CHICAGO/PARIS (Reuters) – A radical bid to revive air travel demand by permanently sacrificing billions of dollars in fees to change tickets has left U.S. airlines isolated, as foreign rivals fear the tactic would undermine the higher fares paid by premium travellers.
The COVID-19 crisis has weakened one of the core elements of the airline playbook: price many fares attractively low, then charge for ticket changes. And meanwhile charge a hefty premium to those wanting more flexibility: typically business passengers.
“For the fee model to work, you have to have a passenger to nickel-and-dime,” said John Zhang, professor of marketing at the University of Pennsylvania’s Wharton School. Airlines may soon “walk back other fees as well,” he added.
Citi data shows U.S. carriers last year earned $2.8 billion or 1.1% of revenue from cancellations and change fees.
American Airlines (AAL.O), Delta Air Lines (DAL.N) and United Airlines (UAL.O) have all permanently axed the charges on domestic travel in recent days, followed by Alaska Airlines.
“It’s a revenue loss, but the bet is that this is going to win over customers,” said ICF consultant Carlos Ozores.
The move comes as U.S. and European passenger traffic remains more than 80% below 2019 levels, July data from global industry body IATA shows, with Asia-Pacific down 72%.
While airlines globally have suspended change fees during the pandemic, those outside the U.S. are resisting making the concessions permanent.
Lufthansa (LHAG.DE) has announced a waiver until year-end, while Air France-KLM (AIR.PA) has set no date for a resumption of fees and says it is unlikely to make them permanent.
Low-cost carriers EasyJet (EZJ.L) and Ryanair (RYA.I) also said there were no plans for lasting fee changes.
Analysts say restoring fees could prove near-impossible through the weak northern-hemisphere winter – and will only get tougher as consumers increasingly take new terms for granted.
But much could depend on an expected wave of industry consolidation, reducing competition in some markets as weaker airlines shrink or fold, Citi analyst Mark Manduca said.
“Once that happens we’ll be in a better place to assess the bargaining power between airline and customer,” he said, adding that surviving airlines that emerge fewer and stronger may swiftly end any “free-lunch mentality”.
Australia’s Qantas Airways Ltd (QAN.AX) dismissed suggestions that temporary concessions could stay.
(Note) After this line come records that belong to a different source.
(* Let $W$ be an sc-Banach space, $E=\mathbb R^n\oplus W$, $C=[0,\infty)^n\oplus W$, and let $N$ be a finite-dimensional subspace of $E$ in good position to $C$, with good complement $N^\perp$ and constant $c>0$ (as in the definition of good position). Let $\Sigma=\bigcup_{a\in C\cap N,\,a\ne0}\sigma_a\subset\{1,\dots,n\}$ and $\Sigma^c=\{1,\dots,n\}\setminus\Sigma$. Then $N^\perp\subset\mathbb R^{\Sigma^c}\oplus W$.
   Context: An sc-Banach space is a Banach space $W$ with nested Banach spaces $W=W_0\supset W_1\supset\cdots$, compact inclusions $W_n\to W_m$ ($m<n$), $\bigcap W_m$ dense in each $W_m$; $E$ has levels $\mathbb R^n\oplus W_m$ and $\|\cdot\|$ denotes its level-$0$ norm. For $a=(a_1,\dots,a_n,a_\infty)\in C$, $\sigma_a=\{i: a_i=0\}$. For $S\subset\{1,\dots,n\}$, $\mathbb R^S=\{x\in\mathbb R^n: x_j=0\text{ for all } j\notin S\}$. An sc-complement of $N$ is a closed subspace $N^\perp$ with $E_m=(N\cap E_m)\oplus(N^\perp\cap E_m)$ topologically for all $m$, both sc-subspaces. $N$ is in good position to $C$ if $N\cap C$ has nonempty interior in $N$ and there exist an sc-complement $N^\perp$ (a good complement) and $c>0$ such that for every $(n,m)\in N\oplus N^\perp$ with $\|m\|\le c\|n\|$: $n+m\in C$ iff $n\in C$. *)

From HB Require Import structures.
From mathcomp Require Import all_boot all_order all_algebra.
From mathcomp Require Import all_classical all_reals all_analysis.
Set Implicit Arguments. Unset Strict Implicit. Unset Printing Implicit Defensive.
Import Order.TTheory GRing.Theory Num.Theory.
Import numFieldNormedType.Exports.
Local Open Scope classical_set_scope.
Local Open Scope ring_scope.

Definition lin_subspace (R : realType) (V : lmodType R) (S : set V) : Prop :=
  S 0 /\ forall (a : R) (x y : V), S x -> S y -> S (a *: x + y).

Definition cvg_nrm (R : realType) (V : zmodType) (nrm : V -> R)
  (u : nat -> V) (y : V) : Prop :=
  forall eps : R, 0 < eps -> exists N : nat, forall k, (N <= k)%N -> nrm (u k - y) < eps.

Definition cauchy_nrm (R : realType) (V : zmodType) (nrm : V -> R)
  (u : nat -> V) : Prop :=
  forall eps : R, 0 < eps -> exists N : nat, forall k l, (N <= k)%N -> (N <= l)%N ->
    nrm (u k - u l) < eps.

Definition banach_on (R : realType) (V : lmodType R) (S : set V) (nrm : V -> R) : Prop :=
  lin_subspace S /\
  (forall x, S x -> 0 <= nrm x) /\
  (forall x, S x -> nrm x = 0 -> x = 0) /\
  (forall (a : R) x, S x -> nrm (a *: x) = `|a| * nrm x) /\
  (forall x y, S x -> S y -> nrm (x + y) <= nrm x + nrm y) /\
  (forall u : nat -> V, (forall k, S (u k)) -> cauchy_nrm nrm u ->
     exists2 y, S y & cvg_nrm nrm u y).

(* An sc-structure on the normed space W: nested levels W = W_0 ⊃ W_1 ⊃ ...,
   level m carried by the set lvl m with Banach norm nrm m, the level-0 norm
   being the norm of W; compact inclusions W_k -> W_m (m < k); W_oo dense in
   every W_m. *)
Definition sc_banach (R : realType) (W : normedModType R)
  (lvl : nat -> set W) (nrm : nat -> W -> R) : Prop :=
  lvl 0%N = setT /\ nrm 0%N = (fun w => `|w|) /\
  (forall m, lvl m.+1 `<=` lvl m) /\
  (forall m, banach_on (lvl m) (nrm m)) /\
  (forall m k, (m < k)%N -> forall u : nat -> W, (forall j, lvl k (u j)) ->
     (exists B : R, forall j, nrm k (u j) <= B) ->
     exists phi : nat -> nat, (forall j, (phi j < phi j.+1)%N) /\
       exists2 y, lvl m y & cvg_nrm (nrm m) (u \o phi) y) /\
  (forall m x (eps : R), lvl m x -> 0 < eps ->
     exists2 y, (forall k, lvl k y) & nrm m (x - y) < eps).

Definition Espace (R : realType) (n : nat) (W : normedModType R) : Type :=
  ('rV[R]_n * W)%type.

Definition Elvl (R : realType) (n : nat) (W : normedModType R)
  (lvl : nat -> set W) (m : nat) : set ('rV[R]_n * W) :=
  [set e | lvl m e.2].

(* level-m norm on E: max of the (max-)norm on R^n and the level-m norm on W;
   at level 0 this is the product norm of 'rV[R]_n * W. *)
Definition Enrm (R : realType) (n : nat) (W : normedModType R)
  (nrm : nat -> W -> R) (m : nat) (e : 'rV[R]_n * W) : R :=
  Num.max `|e.1| (nrm m e.2).

Definition Cquad (R : realType) (n : nat) (W : normedModType R) : set ('rV[R]_n * W) :=
  [set e : 'rV[R]_n * W | forall i : 'I_n, 0 <= e.1 ord0 i].

Definition sigma_of (R : realType) (n : nat) (W : normedModType R)
  (a : 'rV[R]_n * W) : set 'I_n :=
  [set i : 'I_n | a.1 ord0 i = 0].

Definition Rsub (R : realType) (n : nat) (S : set 'I_n) : set 'rV[R]_n :=
  [set x : 'rV[R]_n | forall j : 'I_n, ~ S j -> x ord0 j = 0].

Definition span_of (R : realType) (V : lmodType R) (s : seq V) : set V :=
  [set v | exists c : 'I_(size s) -> R, v = \sum_(i < size s) c i *: s`_i].

Definition fin_dim_subspace (R : realType) (V : lmodType R) (N : set V) : Prop :=
  exists s : seq V, N = span_of s.

Definition sc_subspace (R : realType) (n : nat) (W : normedModType R)
  (lvl : nat -> set W) (nrm : nat -> W -> R) (F : set ('rV[R]_n * W)) : Prop :=
  lin_subspace F /\
  (forall m (u : nat -> 'rV[R]_n * W) y, (forall k, F (u k) /\ Elvl lvl m (u k)) ->
     Elvl lvl m y -> cvg_nrm (Enrm nrm m) u y -> F y) /\
  (forall m x (eps : R), F x -> Elvl lvl m x -> 0 < eps ->
     exists2 y, F y /\ (forall k, Elvl lvl k y) & Enrm nrm m (x - y) < eps).

(* Nperp is an sc-complement of N: a closed subspace (closedness at level 0 is
   part of sc_subspace) such that E_m = (N ∩ E_m) ⊕ (Nperp ∩ E_m) topologically
   for all m (unique decomposition with bounded projection), N and Nperp being
   sc-subspaces. *)
Definition sc_complement (R : realType) (n : nat) (W : normedModType R)
  (lvl : nat -> set W) (nrm : nat -> W -> R) (N Nperp : set ('rV[R]_n * W)) : Prop :=
  sc_subspace lvl nrm N /\ sc_subspace lvl nrm Nperp /\
  forall m,
    (forall e, Elvl lvl m e -> exists x y,
        [/\ N x, Elvl lvl m x, Nperp y, Elvl lvl m y & e = x + y]) /\
    (forall e, N e -> Nperp e -> Elvl lvl m e -> e = 0) /\
    (exists K : R, forall x y, N x -> Elvl lvl m x -> Nperp y -> Elvl lvl m y ->
        Enrm nrm m x <= K * Enrm nrm m (x + y)).

Definition nonempty_interior_in (R : realType) (n : nat) (W : normedModType R)
  (nrm : nat -> W -> R) (N C : set ('rV[R]_n * W)) : Prop :=
  exists a, N a /\ C a /\ exists2 r : R, 0 < r &
    forall b, N b -> Enrm nrm 0 (b - a) < r -> C b.

Definition good_complement (R : realType) (n : nat) (W : normedModType R)
  (lvl : nat -> set W) (nrm : nat -> W -> R) (C N Nperp : set ('rV[R]_n * W))
  (c : R) : Prop :=
  sc_complement lvl nrm N Nperp /\ 0 < c /\
  forall x y, N x -> Nperp y -> Enrm nrm 0 y <= c * Enrm nrm 0 x ->
    (C (x + y) <-> C x).

Definition good_position_with (R : realType) (n : nat) (W : normedModType R)
  (lvl : nat -> set W) (nrm : nat -> W -> R) (C N Nperp : set ('rV[R]_n * W))
  (c : R) : Prop :=
  nonempty_interior_in nrm N (C `&` N) /\ good_complement lvl nrm C N Nperp c.

(** Suppose [a] lies in [C ∩ N], [a <> 0], [a_j = 0], and [e] lies in [N^perp]
    with [e_j <> 0].  Choose [t] with [t e_j < 0] and [|t| ‖e‖ <= c ‖a‖].  Good
    position says [a + t e] lies in [C] because [a] does, yet the [j]-th
    coordinate of [a + t e] is [t e_j < 0]. *)

From HB Require Import structures.
From mathcomp Require Import all_boot all_order all_algebra.
From mathcomp Require Import all_classical all_reals all_analysis.
Set Implicit Arguments. Unset Strict Implicit. Unset Printing Implicit Defensive.
Import Order.TTheory GRing.Theory Num.Theory.
Import numFieldNormedType.Exports.
Local Open Scope classical_set_scope.
Local Open Scope ring_scope.

Lemma lin_subspaceZ (R : realType) (V : lmodType R) (S : set V) (a : R) (x : V) :
  lin_subspace S -> S x -> S (a *: x).
Proof. by move=> [S0 SD] Sx; rewrite -[a *: x]addr0; apply: SD. Qed.

Lemma exists_small_opposite_sign (R : realFieldType) (x M B : R) :
  x != 0 -> 0 <= M -> 0 < B -> exists2 t : R, `|t| * M <= B & t * x < 0.
Proof.
move=> x0 M0 B0; have M1 : 0 < M + 1 by rewrite ltr_wpDl.
exists (- (B / (M + 1)) * Num.sg x).
- rewrite normrM normrN normr_sg x0 mulr1 gtr0_norm ?divr_gt0 //.
  by rewrite mulrAC ler_pdivrMr // ler_pM2l // lerDl.
- by rewrite -mulrA -normrEsg mulNr oppr_lt0 mulr_gt0 ?divr_gt0 ?normr_gt0.
Qed.

Section LevelZeroNorm.
Variables (R : realType) (n : nat) (W : normedModType R) (nrm : nat -> W -> R).
Hypothesis nrm0 : nrm 0%N = (fun w => `|w|).

Lemma Enrm0_ge0 (e : 'rV[R]_n * W) : 0 <= Enrm nrm 0 e.
Proof. by rewrite /Enrm nrm0 le_max normr_ge0. Qed.

Lemma Enrm0_gt0 (e : 'rV[R]_n * W) : e != 0 -> 0 < Enrm nrm 0 e.
Proof.
case: e => e1 e2 e0; rewrite /Enrm nrm0 lt_max !normr_gt0 /=.
by apply: contraNT e0; rewrite negb_or !negbK => /andP[/eqP-> /eqP->].
Qed.

Lemma Enrm0Z (t : R) (e : 'rV[R]_n * W) :
  Enrm nrm 0 (t *: e) = `|t| * Enrm nrm 0 e.
Proof. by rewrite /Enrm nrm0 /= !normrZ -maxr_pMr ?normr_ge0. Qed.

Lemma good_complement_Cquad_coord_eq0 (lvl : nat -> set W)
    (N Nperp : set ('rV[R]_n * W)) (c : R) (a e : 'rV[R]_n * W) (j : 'I_n) :
  good_complement lvl nrm (@Cquad R n W) N Nperp c ->
  Cquad a -> N a -> a != 0 -> a.1 ord0 j = 0 -> Nperp e -> e.1 ord0 j = 0.
Proof.
move=> [[_ [[Nperp_lin _] _]] [c0 good]] Ca Na a0 aj0 Ne.
apply/eqP; apply: contraT => ej0.
have [t te_small te_neg] := exists_small_opposite_sign ej0 (Enrm0_ge0 e)
    (mulr_gt0 c0 (Enrm0_gt0 a0)).
have Nte : Nperp (t *: e) by apply: lin_subspaceZ.
have /(good a _ Na Nte) Cate : Enrm nrm 0 (t *: e) <= c * Enrm nrm 0 a.
  by rewrite Enrm0Z.
by have := Cate.2 Ca j; rewrite !mxE aj0 add0r leNgt te_neg.
Qed.

End LevelZeroNorm.

Theorem lemma6p6 (R : realType) (n : nat) (W : normedModType R)
  (lvl : nat -> set W) (nrm : nat -> W -> R)
  (N Nperp : set ('rV[R]_n * W)) (c : R) :
  sc_banach lvl nrm ->
  fin_dim_subspace N ->
  good_position_with lvl nrm (@Cquad R n W) N Nperp c ->
  let Sigma : set 'I_n :=
    [set i | exists a, (@Cquad R n W `&` N) a /\ a <> 0 /\ sigma_of a i] in
  Nperp `<=` [set e | Rsub (~` Sigma) e.1].
Proof.
move=> [_ [nrm0 _]] _ [_ good] Sigma e Ne j /= /contrapT[a [[Ca Na] [a0 aj0]]].
exact: (good_complement_Cquad_coord_eq0 nrm0 good Ca Na (introN eqP a0) aj0 Ne).
Qed.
Axing fees would undermine the value to a corporate customer of paying more upfront for flexibility, Qantas Chief Executive Alan Joyce told the CAPA Australia Pacific Aviation Summit.
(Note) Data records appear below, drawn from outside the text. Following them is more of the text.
Theorem lemma6 (d : measure_display) (T : measurableType d) (R : realType)
  (P : probability T R) (n m1 m2 : nat) (m1_gt0 : (0 < m1)%N) (m2_gt0 : (0 < m2)%N)
  (g : 'I_2 -> 'I_2 -> nat -> T -> R[i])
  (v1 : nat -> T -> 'rV[R[i]]_m1) (v2 : nat -> T -> 'rV[R[i]]_m2) :
  (* each g_kj(t) is a complex random variable *)
  (forall k j s, (s < n)%N -> c_rv (g k j s)) ->
  (* independence of the 4n variables *)
  mutually_independent P (fun p : 'I_2 * 'I_2 * 'I_n => g p.1.1 p.1.2 p.2) ->
  (* identically distributed *)
  (forall k j s k' j' s', (s < n)%N -> (s' < n)%N ->
     forall B, CBorel R B -> P (g k j s @^-1` B) = P (g k' j' s' @^-1` B)) ->
  (* continuous (atomless) distribution *)
  (forall k j s, (s < n)%N -> forall c : R[i], P (g k j s @^-1` [set c]) = 0%E) ->
  (* rows of V_1, V_2 at time s are deterministic functions of g(s'), s' < s *)
  (forall s (a : 'I_m1), (s < n)%N -> past_measurable g s (fun w => v1 s w 0 a)) ->
  (forall s (a : 'I_m2), (s < n)%N -> past_measurable g s (fun w => v2 s w 0 a)) ->
  P (\bigcup_(i in [set i | (i < n)%N])
       (Aev g v1 v2 i `&` ~` Bev g v1 v2 i)) = 0%E.
Proof.
move=> g_rv g_indep _ g_atomless v1_past v2_past.
apply/negligibleP.
  apply: bigcup_measurable => i lin.
  exact: measurable_step_event g_rv v1_past v2_past _ lin.
apply: (@negligibleS _ _ _ _
  (\bigcup_(i : 'I_n) (Aev g v1 v2 i `&` ~` Bev g v1 v2 i))).
  by move=> w [i /= lin Ew]; exists (Ordinal lin).
apply: negligible_fin_bigcup => i.
exact: negligible_step_event g_rv g_indep g_atomless v1_past v2_past _ (ltn_ord i).
Qed.
(* Let p be a cut vertex, S a component of G - p and S' the vertices outside
   S other than p, so |S| + |S'| = |V| - 1.  The pairs of S x S' are distinct
   and non-adjacent, hence covered by a connecting hypergraph H, while a
   connected hyperedge E meeting both S and S' contains p, so that
   |E /\ S| + |E /\ S'| <= |E| - 1.  Since |E /\ S| |E /\ S'| summed over H
   is at least |S| |S'|, comparing termwise yields cost(H) >= |V| - 2, which
   {V} attains.
   A connecting transition set T yields a connecting hypergraph of cost at most
   |T|: link the edges ab and bc whenever abc is in T, and take the vertex sets
   of the components of this link graph.  A component with k edges spans at
   most k + 1 vertices and is held together by at least k - 1 transitions.
   Conversely, for a spanning tree rooted at r, the transitions
   x - par x - par (par x), together with c0 - r - c for the children c of r,
   form a connecting transition set of size |V| - 2. *)

Section Connect.
Variable X : finType.

Lemma connect_preserved (r : rel X) (P : pred X) :
  (forall x y, P x -> r x y -> P y) -> forall x y, connect r x y -> P x -> P y.
Proof.
move=> rP x y /connectP [s rs ->]; elim: s x rs => //= z s IHs x /andP [rxz rs] Px.
exact: IHs rs (rP x z Px rxz).
Qed.

Lemma connect_restrict (r r' : rel X) (P : pred X) :
  (forall x y, P x -> r x y -> P y && r' x y) ->
  forall x y, P x -> connect r x y -> connect r' x y.
Proof.
move=> rP x y Px /connectP [s rs ->]; elim: s x Px rs => //= z s IHs x Px.
case/andP=> /(rP x z Px) /andP [Pz r'xz] rs.
exact: connect_trans (connect1 r'xz) (IHs z Pz rs).
Qed.

Definition pairs_rel (L : seq (X * X)) : rel X :=
  fun x y => ((x, y) \in L) || ((y, x) \in L).

Lemma pairs_rel_sym L : symmetric (pairs_rel L).
Proof. by move=> x y; rewrite /pairs_rel orbC. Qed.

(* By induction on L: each new pair merges at most two labels. *)
Lemma exists_pairs_labelling L : exists f : X -> X,
  (forall x y, pairs_rel L x y -> f x = f y) /\ #|X| <= #|[set f x | x in X]| + size L.
Proof.
elim: L => [|[a b] L [f [fL cardf]]].
  by exists id; rewrite card_imset ?addn0.
have [fab|fab] := eqVneq (f a) (f b).
  exists f; split; last by rewrite addnS ltnW.
  move=> x y; rewrite /pairs_rel !inE.
  by case/orP=> [/orP [/eqP [-> ->] //|xyL]|/orP [/eqP [-> ->] //|yxL]];
    apply: fL; rewrite /pairs_rel ?xyL ?yxL ?orbT.
pose g x := if f x == f b then f a else f x.
exists g; split.
  move=> x y; rewrite /pairs_rel !inE /g.
  case/orP=> [/orP [/eqP [-> ->]|xyL]|/orP [/eqP [-> ->]|yxL]];
    rewrite ?eqxx ?(negbTE fab) // (fL x y) // /pairs_rel ?xyL ?yxL ?orbT //.
have -> : [set g x | x in X] = [set f x | x in X] :\ f b.
  apply/setP => z; rewrite !inE; apply/imsetP/andP => [[x _ ->]|[zfb /imsetP [x _ zfx]]].
    rewrite /g; case: ifP => [_|/negbT fxb]; first by rewrite fab imset_f.
    by rewrite fxb imset_f.
  by exists x; rewrite // /g -zfx (negbTE zfb).
by move: cardf; rewrite (cardsD1 (f b)) imset_f //= add1n addSn addnS.
Qed.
“If every airfare is going to be flexible, your revenue management system I think fundamentally breaks down,” Joyce said, backed by Qatar Airways counterpart Akbar al-Baker.
Some observers also question the eye-catching permanency of the U.S. fee waivers, predicting that airlines will find a way to bring them back.
“It’s almost impossible they won’t do that once demand is higher, only it might be a ‘transfer’ fee instead of a ‘change’ fee,” said Zhang. “This isn’t a forever kind of thing.”